WORK INSTRUCTIONS:
Beginning with the first line below, please restate each line exactly, down to and including the line containing "(** The quasi-geodesic".

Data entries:
Lemma path_restrict p s t :
  Gam p -> pa p <= s -> s <= t -> t <= pb p -> Gam (mkPath s t (pf p)).
Proof. destruct Hpsg as (_ & _ & _ & _ & Hsub & _). apply Hsub. Qed.

Lemma path_interval p : Gam p -> pa p <= pb p.
Proof.
  destruct Hpsg as (_ & _ & _ & _ & _ & _ & Hqg). intro Hp.
  destruct (Hqg p Hp) as [[Hab _] _]. exact Hab.
Qed.

(** The quasi-geodesic inequalities, with the constants made nonnegative since
    [mu] and [nu] carry no sign assumption. *)
Lemma path_qgeod p t t' : Gam p -> pa p <= t <= pb p -> pa p <= t' <= pb p ->
  d (pf p t) (pf p t') <= Rabs (t - t') /\
  Rabs (t - t') <= Rabs mu * d (pf p t) (pf p t') + Rabs nu.
Proof.
  destruct Hpsg as (_ & _ & _ & _ & _ & _ & Hqg). intros Hp Ht Ht'.
  destruct (Hqg p Hp) as [_ Hq]. destruct (Hq t t' Ht Ht') as [Hlo Hup].
  split; [exact Hlo|].
  pose proof (dist_nonneg (pf p t) (pf p t')).
  pose proof (Rle_abs mu). pose proof (Rle_abs nu).
  assert (mu * d (pf p t) (pf p t') <= Rabs mu * d (pf p t) (pf p t'))
    by (apply Rmult_le_compat_r; assumption).
  lra.
Qed.

Lemma dist_le_param_gap p s1 s2 : Gam p -> pa p <= s1 -> s1 <= s2 -> s2 <= pb p ->
  d (pf p s1) (pf p s2) <= s2 - s1.
Proof.
  intros Hp H1 H2 H3. destruct (path_qgeod p s1 s2 Hp ltac:(lra) ltac:(lra)) as [Hlo _].
  rewrite Rabs_left1 in Hlo by lra. lra.
Qed.

Lemma param_gap_le p s1 s2 D : Gam p -> pa p <= s1 -> s1 <= s2 -> s2 <= pb p ->
  d (pf p s1) (pf p s2) <= D -> s2 - s1 <= Rabs mu * D + Rabs nu.
Proof.
  intros Hp H1 H2 H3 HD. destruct (path_qgeod p s1 s2 Hp ltac:(lra) ltac:(lra)) as [_ Hup].
  rewrite Rabs_left1 in Hup by lra. pose proof (Rabs_pos mu).
  assert (Rabs mu * d (pf p s1) (pf p s2) <= Rabs mu * D)
    by (apply Rmult_le_compat_l; assumption).
  lra.
Qed.

(** Constants: coarse Lipschitz constant of a constricting map, distance between
    two constricting maps onto one set, and the Morse constant. *)
Definition Lip (delta s : R) : R := 2 * delta + Rabs mu * s + Rabs nu.
Definition Kuniq (delta : R) : R := 2 * delta + Lip delta delta.
Definition Rmorse (delta : R) : R := 4 * Rabs mu * delta + Rabs nu + 2 * delta.

Lemma Lip_mono delta s s' : s <= s' -> Lip delta s <= Lip delta s'.
Proof.
  intro Hs. unfold Lip. pose proof (Rabs_pos mu).
  assert (Rabs mu * s <= Rabs mu * s') by (apply Rmult_le_compat_l; assumption).
  lra.
Qed.

Section ConstrictingMap.
Variables (B : X -> Prop) (p : X -> X) (delta : R).
Hypothesis Hc : constricting_map Gam B p delta.

Lemma cm_delta_nonneg (x : X) : 0 <= delta.
Proof.
  destruct Hc as (HB & Hnear & _). pose proof (Hnear (p x) (HB x)).
  pose proof (dist_nonneg (p x) (p (p x))). lra.
Qed.
(** * Categories (two-sorted presentation; composition is diagrammatic:
      [comp f g] is "f then g", defined when [tgt f = src g]). *)
Record CatData := {
  Ob : Type;
  Ar : Type;
  src : Ar -> Ob;
  tgt : Ar -> Ob;
  idc : Ob -> Ar;
  comp : Ar -> Ar -> Ar
}.
Arguments src {c}. Arguments tgt {c}. Arguments idc {c}. Arguments comp {c}.

Definition IsCategory (C : CatData) : Prop :=
  (forall A : Ob C, src (idc A) = A /\ tgt (idc A) = A) /\
  (forall f g : Ar C, tgt f = src g -> src (comp f g) = src f /\ tgt (comp f g) = tgt g) /\
  (forall f : Ar C, comp (idc (src f)) f = f) /\
  (forall f : Ar C, comp f (idc (tgt f)) = f) /\
  (forall f g h : Ar C, tgt f = src g -> tgt g = src h ->
      comp (comp f g) h = comp f (comp g h)).

Record CatFunData (C D : CatData) := {
  fo : Ob C -> Ob D;
  fa : Ar C -> Ar D
}.
Arguments fo {C D}. Arguments fa {C D}.

Definition IsCatFunctor (C D : CatData) (F : CatFunData C D) : Prop :=
  (forall f : Ar C, src (fa F f) = fo F (src f) /\ tgt (fa F f) = fo F (tgt f)) /\
  (forall A : Ob C, fa F (idc A) = idc (fo F A)) /\
  (forall f g : Ar C, tgt f = src g -> fa F (comp f g) = comp (fa F f) (fa F g)).

Definition CatULF (Q C : CatData) (p : CatFunData Q C) : Prop :=
  forall (alpha : Ar Q) (u v : Ar C), tgt u = src v -> fa p alpha = comp u v ->
    exists! bg : Ar Q * Ar Q,
      tgt (fst bg) = src (snd bg) /\ alpha = comp (fst bg) (snd bg) /\
      fa p (fst bg) = u /\ fa p (snd bg) = v.
(* Let $m\ge2$ and $n\ge1$ be integers, let $f_i:\mathbb{R}^n\to\mathbb{R}$, $i=1,\dots,m$, be lower semicontinuous, proper and strictly convex, and let $a\ge 0$ and $\mathcal{Z}=\{\mathbf{z}\in\mathbb{R}^n\mid\|\mathbf{z}\|_\infty\le a\}$. Set $\mathcal{Y}=\mathcal{Z}^m\subseteq\mathbb{R}^{nm}$, $f_0(\mathbf{y})=\frac1m\sum_{i=1}^m f_i(\mathbf{y}_i)$ for $\mathbf{y}=[\mathbf{y}_1^{\mathsf T}\ \cdots\ \mathbf{y}_m^{\mathsf T}]^{\mathsf T}$, and $f=f_0+\delta_{\mathcal{Y}}$. Assume that for every $\bar{\mathbf{y}}\in\operatorname{bnd}\mathcal{Y}$ there exist a sequence $(\mathbf{y}_k)$ in $\mathcal{Y}$ with $\mathbf{y}_k\to\bar{\mathbf{y}}$ and subgradients $\boldsymbol{\nu}_k\in\partial f(\mathbf{y}_k)$ with $\limsup_k\|\boldsymbol{\nu}_k\|_2<\infty$. Let $\mathbf{A}\in\mathbb{R}^{n(m-1)\times nm}$ be the block matrix whose $i$-th block row ($i=1,\dots,m-1$) has $\mathbf{I}_n$ in block column $i$, $-\mathbf{I}_n$ in block column $i+1$, and zeros elsewhere. Let $\bar{\mathbf{y}}=[\bar{\mathbf{y}}_1^{\mathsf T}\ \cdots\ \bar{\mathbf{y}}_m^{\mathsf T}]^{\mathsf T}$ with $\bar{\mathbf{y}}_i=a\mathbf{1}_n$ for $i$ odd and $\bar{\mathbf{y}}_i=-a\mathbf{1}_n$ for $i$ even, and let $\beta>0$. Then there exist $\boldsymbol{\eta}\in\mathbb{R}^{nm}$ and $\boldsymbol{\mu}\in\mathbb{R}^{n(m-1)}$ satisfying $$\mathbf{A}\bar{\mathbf{y}}=\beta(\mathbf{A}\mathbf{A}^{\mathsf T})^{-1}\mathbf{A}\boldsymbol{\eta},\qquad \boldsymbol{\eta}\in N_{\mathcal{Y}}(\bar{\mathbf{y}}),\qquad \mathbf{A}^{\mathsf T}\boldsymbol{\mu}=\boldsymbol{\eta}.$$
   Context: $\delta_{\mathcal{Y}}$ is the indicator function of $\mathcal{Y}$, $\partial$ the convex subdifferential, $N_{\mathcal{Y}}(\bar{\mathbf{y}})$ the normal cone of the convex set $\mathcal{Y}$ at $\bar{\mathbf{y}}$, $\mathbf{1}_n$ the all-ones vector in $\mathbb{R}^n$, $\mathbf{I}_n$ the identity. (This is the feasibility problem associated with the consensus problem: minimize $f_0(\mathbf{y})$ subject to $\mathbf{y}_i\in\mathcal{Z}$ for all $i$ and $\mathbf{A}\mathbf{y}=\mathbf{0}$.) *)

From mathcomp Require Import all_boot all_algebra.
From mathcomp Require Import all_classical all_reals all_analysis.
Import GRing.Theory Num.Theory numFieldNormedType.Exports.
Local Open Scope ring_scope.
Local Open Scope classical_set_scope.

Set Implicit Arguments.
Unset Strict Implicit.
Unset Printing Implicit Defensive.

Section Defs.
Variable R : realType.

Definition inner (N : nat) (u v : 'cV[R]_N) : R := \sum_(p < N) u p 0 * v p 0.
Definition norm2 (N : nat) (u : 'cV[R]_N) : R := Num.sqrt (inner u u).

Definition strictly_convex (N : nat) (g : 'cV[R]_N -> R) : Prop :=
  forall (x y : 'cV[R]_N) (t : R), x != y -> 0 < t < 1 ->
    g (t *: x + (1 - t) *: y) < t * g x + (1 - t) * g y.

Definition proper_fun (N : nat) (g : 'cV[R]_N -> \bar R) : Prop :=
  (forall x, g x != -oo%E) /\ (exists x, g x != +oo%E).

Definition Zbox (n : nat) (a : R) : set 'cV[R]_n :=
  [set z | forall j : 'I_n, `|z j 0| <= a].

Lemma blk_idx_proof (m n : nat) (i : 'I_m) (j : 'I_n) : (i * n + j < m * n)%N.
Proof.
have hi := ltn_ord i; have hj := ltn_ord j.
apply: (@leq_trans (i * n + n)); first by rewrite ltn_add2l.
by rewrite -[X in (_ + X)%N]mul1n -mulnDl addn1 leq_mul2r hi orbT.
Qed.

Definition blk_idx (m n : nat) (i : 'I_m) (j : 'I_n) : 'I_(m * n) :=
  Ordinal (blk_idx_proof i j).

Definition blk (m n : nat) (y : 'cV[R]_(m * n)) (i : 'I_m) : 'cV[R]_n :=
  \col_(j < n) y (blk_idx i j) 0.

Definition Ybox (m n : nat) (a : R) : set 'cV[R]_(m * n) :=
  [set y | forall i : 'I_m, Zbox a (blk y i)].

Definition f0 (m n : nat) (fs : 'I_m -> 'cV[R]_n -> R) (y : 'cV[R]_(m * n)) : R :=
  (m%:R)^-1 * \sum_(i < m) fs i (blk y i).

Definition indic (N : nat) (C : set 'cV[R]_N) (y : 'cV[R]_N) : \bar R :=
  if `[< C y >] then 0%E else +oo%E.

Definition fcons (m n : nat) (fs : 'I_m -> 'cV[R]_n -> R) (a : R)
  (y : 'cV[R]_(m * n)) : \bar R :=
  ((f0 fs y)%:E + indic (@Ybox m n a) y)%E.

Definition subdiff (N : nat) (g : 'cV[R]_N -> \bar R) (x : 'cV[R]_N) : set 'cV[R]_N :=
  [set nu | g x \is a fin_num /\
            forall z, (g x + (inner nu (z - x))%:E <= g z)%E].

Definition normal_cone (N : nat) (C : set 'cV[R]_N) (x : 'cV[R]_N) : set 'cV[R]_N :=
  [set eta | C x /\ forall y, C y -> inner eta (y - x) <= 0].

Definition bnd (N : nat) (C : set 'cV[R]_N) : set 'cV[R]_N :=
  closure C `\` interior C.

(* A in R^{n(m-1) x nm}: block row i has I_n at block column i, -I_n at i+1 *)
Definition Acons (m n : nat) : 'M[R]_(m.-1 * n, m * n) :=
  \matrix_(p < m.-1 * n, q < m * n)
    (if (p %% n == q %% n)%N then
       (if (q %/ n == p %/ n)%N then 1
        else if (q %/ n == (p %/ n).+1)%N then -1 else 0)
     else 0).

(* ybar: block i (1-based) equals a 1_n for i odd and -a 1_n for i even;
   with 0-based block index k = q %/ n this is: a if k even, -a if k odd *)
Definition ybar (m n : nat) (a : R) : 'cV[R]_(m * n) :=
  \col_(q < m * n) (if odd (q %/ n) then - a else a).

End Defs.

Arguments Ybox {R} m n a _.
Arguments Acons {R} m n.
Arguments ybar {R} m n a.

From mathcomp Require Import all_boot all_algebra.
From mathcomp Require Import all_classical all_reals all_analysis.
From mathcomp Require Import zify ring.
Import order.Order.TTheory GRing.Theory Num.Theory numFieldNormedType.Exports.
Local Open Scope ring_scope.
Local Open Scope classical_set_scope.
Set Implicit Arguments.
Unset Strict Implicit.
Unset Printing Implicit Defensive.

(* Take mu := beta^-1 A ybar and eta := A^T mu.  The first identity only needs
   A A^T to be invertible, which holds because A has full row rank.  Adjacent
   blocks of ybar have opposite signs, so A ybar is 2 ybar on the first m - 1
   blocks, and A^T A ybar is ybar scaled coordinatewise by twice the number
   (1 or 2) of blocks adjacent to the block of the coordinate.  Hence eta is a
   nonnegative coordinatewise multiple of the vertex ybar of the box Y: it
   points outward and lies in the normal cone. *)

Section GramMatrix.
Variable R : realFieldType.

Lemma mulmx_trmx_self_eq0 p (u : 'rV[R]_p) : u *m u^T = 0 -> u = 0.
Proof.
move=> /(congr1 (fun M : 'M[R]_1 => M 0 0)); rewrite !mxE => sum_sq0.
have sq_ge0 (k : 'I_p) : true -> 0 <= u 0 k * u^T k 0.
  by rewrite mxE -expr2 sqr_ge0.
apply/rowP => k; have /eqP := psumr_eq0P sq_ge0 sum_sq0 (i := k) isT.
by rewrite !mxE mulf_eq0 orbb => /eqP.
Qed.

Lemma mulmx_trmx_unit p q (A : 'M[R]_(p, q)) :
  row_free A -> A *m A^T \in unitmx.
Proof.
move=> freeA; rewrite -row_free_unit; apply: inj_row_free => v vAAt0.
apply: (row_free_inj freeA); rewrite mul0mx; apply: mulmx_trmx_self_eq0.
by rewrite trmx_mul mulmxA -(mulmxA v) vAAt0 mul0mx.
Qed.

End GramMatrix.

Section VectorEntries.
Variable R : ringType.

(* Entry k of a column vector, with junk value 0 out of range, so that the
   shifted indices k + n and k - n need no bound proofs. *)
Definition ventry N (x : 'cV[R]_N) (k : nat) : R :=
  if (insub k : option 'I_N) is Some q then x q 0 else 0.

Lemma ventry_ord N (x : 'cV[R]_N) (q : 'I_N) : ventry x q = x q 0.
Proof. by rewrite /ventry valK. Qed.

Lemma ventry_out N (x : 'cV[R]_N) k : (N <= k)%N -> ventry x k = 0.
Proof. by move=> Nk; rewrite /ventry insubN // -leqNgt. Qed.

Lemma sum_eqn_ventry N (x : 'cV[R]_N) k :
  \sum_(q < N) ((q : nat) == k)%:R * x q 0 = ventry x k.
Proof.
under eq_bigr => q _ do rewrite mulr_natl mulrb.
rewrite -big_mkcond /=; have [kN | Nk] := ltnP k N.
  by rewrite (big_pred1 (Ordinal kN)) -?ventry_ord // => q; rewrite -val_eqE.
rewrite ventry_out // big_pred0 // => q; apply/negbTE.
by rewrite neq_ltn (leq_trans (ltn_ord q) Nk).
Qed.

End VectorEntries.

Lemma eqn_divmod (d x y : nat) : (0 < d)%N ->
  (x == y) = ((x %/ d == y %/ d) && (x %% d == y %% d))%N.
Proof.
move=> d_gt0; apply/eqP/andP => [-> // | [/eqP eq_div /eqP eq_mod]].
by rewrite (divn_eq x d) (divn_eq y d) eq_div eq_mod.
Qed.

Lemma ord_mul_gt0r m n (i : 'I_(m * n)) : (0 < n)%N.
Proof. by case: n i => [|//]; rewrite muln0 => -[]. Qed.

Section ConsensusMatrix.
Variables (R : realType) (m n : nat).
Local Notation A := (@Acons R m n).

Lemma AconsE (p : 'I_(m.-1 * n)) (q : 'I_(m * n)) :
  A p q = ((q : nat) == p)%:R - ((q : nat) == p + n)%N%:R.
Proof.
have n_gt0 := ord_mul_gt0r p.
rewrite mxE (eqn_divmod q p n_gt0) (eqn_divmod q (p + n) n_gt0).
rewrite addnC modnDl divnDl ?dvdnn // divnn n_gt0 add1n [p == q %[mod n]]eq_sym.
case: (q == p %[mod n]); rewrite ?andbT ?andbF ?subrr //.
have [-> | _] := eqVneq (q %/ n)%N (p %/ n)%N.
  by rewrite (ltn_eqF (ltnSn _)) subr0.
by case: ifP => _; rewrite /= ?mulr0n ?mulr1n ?sub0r ?subr0 ?oppr0; reflexivity.
Qed.

Lemma Acons_mulE (x : 'cV[R]_(m * n)) (p : 'I_(m.-1 * n)) :
  (A *m x) p 0 = ventry x p - ventry x (p + n).
Proof.
rewrite mxE; under eq_bigr do rewrite AconsE mulrBl.
by rewrite sumrB !sum_eqn_ventry.
Qed.

Lemma trAcons_mulE (w : 'cV[R]_(m.-1 * n)) (q : 'I_(m * n)) :
  (A^T *m w) q 0 = ventry w q - (n <= q)%N%:R * ventry w (q - n).
Proof.
rewrite mxE; under eq_bigr do rewrite mxE AconsE mulrBl.
rewrite sumrB; under eq_bigr do rewrite eq_sym.
rewrite sum_eqn_ventry; congr (_ - _); have [nq | qn] := leqP n q.
  rewrite mul1r -sum_eqn_ventry; apply: eq_bigr => p _.
  by congr (_%:R * _); apply/eqP/eqP; lia.
rewrite mul0r big1 // => p _.
by rewrite ltn_eqF ?mul0r //; apply: ltn_addl.
Qed.

Lemma Acons_row_free : (0 < n)%N -> row_free A.
Proof.
move=> n_gt0; apply: inj_row_free => v vA0.
have Atv0 : A^T *m v^T = 0 by rewrite -trmx_mul vA0 trmx0.
suff v0 k : ventry v^T k = 0.
  by apply/rowP => j; have := v0 j; rewrite ventry_ord !mxE.
elim/ltn_ind: k => k IHk; have [km | mk] := ltnP k (m.-1 * n); last first.
  by rewrite ventry_out.
have km' : (k < m * n)%N by rewrite (leq_trans km) // leq_mul2r leq_pred orbT.
have := congr1 (fun M : 'cV[R]_(m * n) => M (Ordinal km') 0) Atv0.
rewrite trAcons_mulE /= mxE; have [nk | kn] := leqP n k.
  by rewrite (IHk (k - n)%N) ?mulr0 ?subr0 //; lia.
by rewrite mul0r subr0.
Qed.

Definition alt_sign (a : R) (k : nat) : R := if odd (k %/ n) then - a else a.

Lemma alt_signDn a k : (0 < n)%N -> alt_sign a (k + n) = - alt_sign a k.
Proof.
move=> n_gt0; rewrite /alt_sign divnDr ?dvdnn // divnn n_gt0 addn1 /=.
by case: odd; rewrite ?opprK.
Qed.

Lemma ventry_ybar a k : (k < m * n)%N -> ventry (ybar m n a) k = alt_sign a k.
Proof.
by move=> kmn; rewrite -[k]/(nat_of_ord (Ordinal kmn)) ventry_ord mxE.
Qed.

Lemma ventry_Acons_ybar a k :
  ventry (A *m ybar m n a) k = (k < m.-1 * n)%N%:R * (2 * alt_sign a k).
Proof.
have [km | mk] := ltnP k (m.-1 * n); last by rewrite ventry_out ?mul0r.
have n_gt0 := ord_mul_gt0r (Ordinal km).
have m_gt0 : (0 < m)%N by case: m km.
have kn_mn : (k + n < m * n)%N by rewrite -(prednK m_gt0) mulSn; lia.
rewrite -[k]/(nat_of_ord (Ordinal km)) ventry_ord Acons_mulE /= mul1r.
rewrite !ventry_ybar ?alt_signDn //; first by rewrite opprK mulr2n mulrDl mul1r.
lia.
Qed.

Lemma trAcons_Acons_ybar a (q : 'I_(m * n)) :
  (A^T *m (A *m ybar m n a)) q 0 =
    2 * ((q < m.-1 * n)%N%:R + (n <= q)%N%:R) * ybar m n a q 0.
Proof.
have n_gt0 := ord_mul_gt0r q.
rewrite trAcons_mulE !ventry_Acons_ybar mxE -/(alt_sign a q).
have [nq | qn] /= := leqP n q.
  have qn_mn : (q - n < m.-1 * n)%N.
    have m_gt0 : (0 < m)%N by case: m {nq} q => [[]|].
    have : (q < m.-1 * n + n)%N by rewrite -mulSnr prednK.
    lia.
  have -> : alt_sign a q = - alt_sign a (q - n).
    by rewrite -{1}(subnK nq) alt_signDn.
  rewrite qn_mn /=; ring.
ring.
Qed.

End ConsensusMatrix.

Lemma outward_mulrB_le0 (R : realDomainType) (e s y : R) :
  0 <= e * s -> `|y| <= `|s| -> e * (y - s) <= 0.
Proof.
move=> es_ge0 ys; rewrite mulrBr subr_le0 (le_trans (ler_norm _)) //.
by rewrite -[e * s]ger0_norm // !normrM ler_wpM2l.
Qed.

Section BoxVertex.
Variables (R : realType) (m n : nat) (a : R).

Lemma Ybox_coord (y : 'cV[R]_(m * n)) (q : 'I_(m * n)) :
  Ybox m n a y -> `|y q 0| <= a.
Proof.
have n_gt0 := ord_mul_gt0r q.
have q_m : (q %/ n < m)%N by rewrite ltn_divLR.
have q_n : (q %% n < n)%N by rewrite ltn_pmod.
move=> /(_ (Ordinal q_m) (Ordinal q_n)); rewrite mxE.
suff -> : blk_idx (Ordinal q_m) (Ordinal q_n) = q by [].
by apply/val_inj; rewrite /= -divn_eq.
Qed.

Lemma normal_cone_Ybox_vertex (x eta : 'cV[R]_(m * n)) :
  (forall q, `|x q 0| = a) -> (forall q, 0 <= eta q 0 * x q 0) ->
  normal_cone (Ybox m n a) x eta.
Proof.
move=> x_vertex eta_out; split=> [i j | y Yy]; first by rewrite mxE x_vertex.
apply: sumr_le0 => q _; rewrite !mxE.
by apply: outward_mulrB_le0; rewrite ?x_vertex ?Ybox_coord.
Qed.

End BoxVertex.

Theorem lemma2 (R : realType) (m n : nat) (hm : (2 <= m)%N) (hn : (1 <= n)%N)
  (fs : 'I_m -> 'cV[R]_n -> R)
  (hlsc : forall i, lower_semicontinuous (fun x => (fs i x)%:E))
  (hproper : forall i, proper_fun (fun x => (fs i x)%:E))
  (hconv : forall i, strictly_convex (fs i))
  (a : R) (ha : 0 <= a)
  (hbnd : forall yb : 'cV[R]_(m * n), bnd (Ybox m n a) yb ->
     exists (y : nat -> 'cV[R]_(m * n)) (nu : nat -> 'cV[R]_(m * n)),
       (forall k, Ybox m n a (y k)) /\
       y @ \oo --> yb /\
       (forall k, subdiff (fcons fs a) (y k) (nu k)) /\
       (limn_esup (fun k => (norm2 (nu k))%:E) < +oo)%E)
  (beta : R) (hbeta : 0 < beta) :
  exists (eta : 'cV[R]_(m * n)) (mu : 'cV[R]_(m.-1 * n)),
    Acons m n *m ybar m n a =
      beta *: (invmx (Acons m n *m (Acons m n)^T) *m Acons m n *m eta) /\
    normal_cone (Ybox m n a) (ybar m n a) eta /\
    (Acons m n)^T *m mu = eta.
Proof.
set A := Acons m n; set mu := beta^-1 *: (A *m ybar m n a).
exists (A^T *m mu), mu; split; [|split] => //.
  rewrite mulmxA -(mulmxA (invmx _)) mulVmx.
    by rewrite mul1mx scalerA mulfV ?scale1r ?gt_eqF.
  exact/mulmx_trmx_unit/Acons_row_free.
apply: normal_cone_Ybox_vertex => q.
  by rewrite mxE; case: odd; rewrite ?normrN ger0_norm.
rewrite -scalemxAr mxE trAcons_Acons_ybar -!mulrA -expr2.
apply: mulr_ge0; first by rewrite invr_ge0 ltW.
by apply: mulr_ge0 => //; apply: mulr_ge0; [exact: addr_ge0 | exact: sqr_ge0].
Qed.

RESULT OF THE EXERCISE:
Lemma path_restrict p s t :
  Gam p -> pa p <= s -> s <= t -> t <= pb p -> Gam (mkPath s t (pf p)).
Proof. destruct Hpsg as (_ & _ & _ & _ & Hsub & _). apply Hsub. Qed.

Lemma path_interval p : Gam p -> pa p <= pb p.
Proof.
  destruct Hpsg as (_ & _ & _ & _ & _ & _ & Hqg). intro Hp.
  destruct (Hqg p Hp) as [[Hab _] _]. exact Hab.
Qed.

(** The quasi-geodesic inequalities, with the constants made nonnegative since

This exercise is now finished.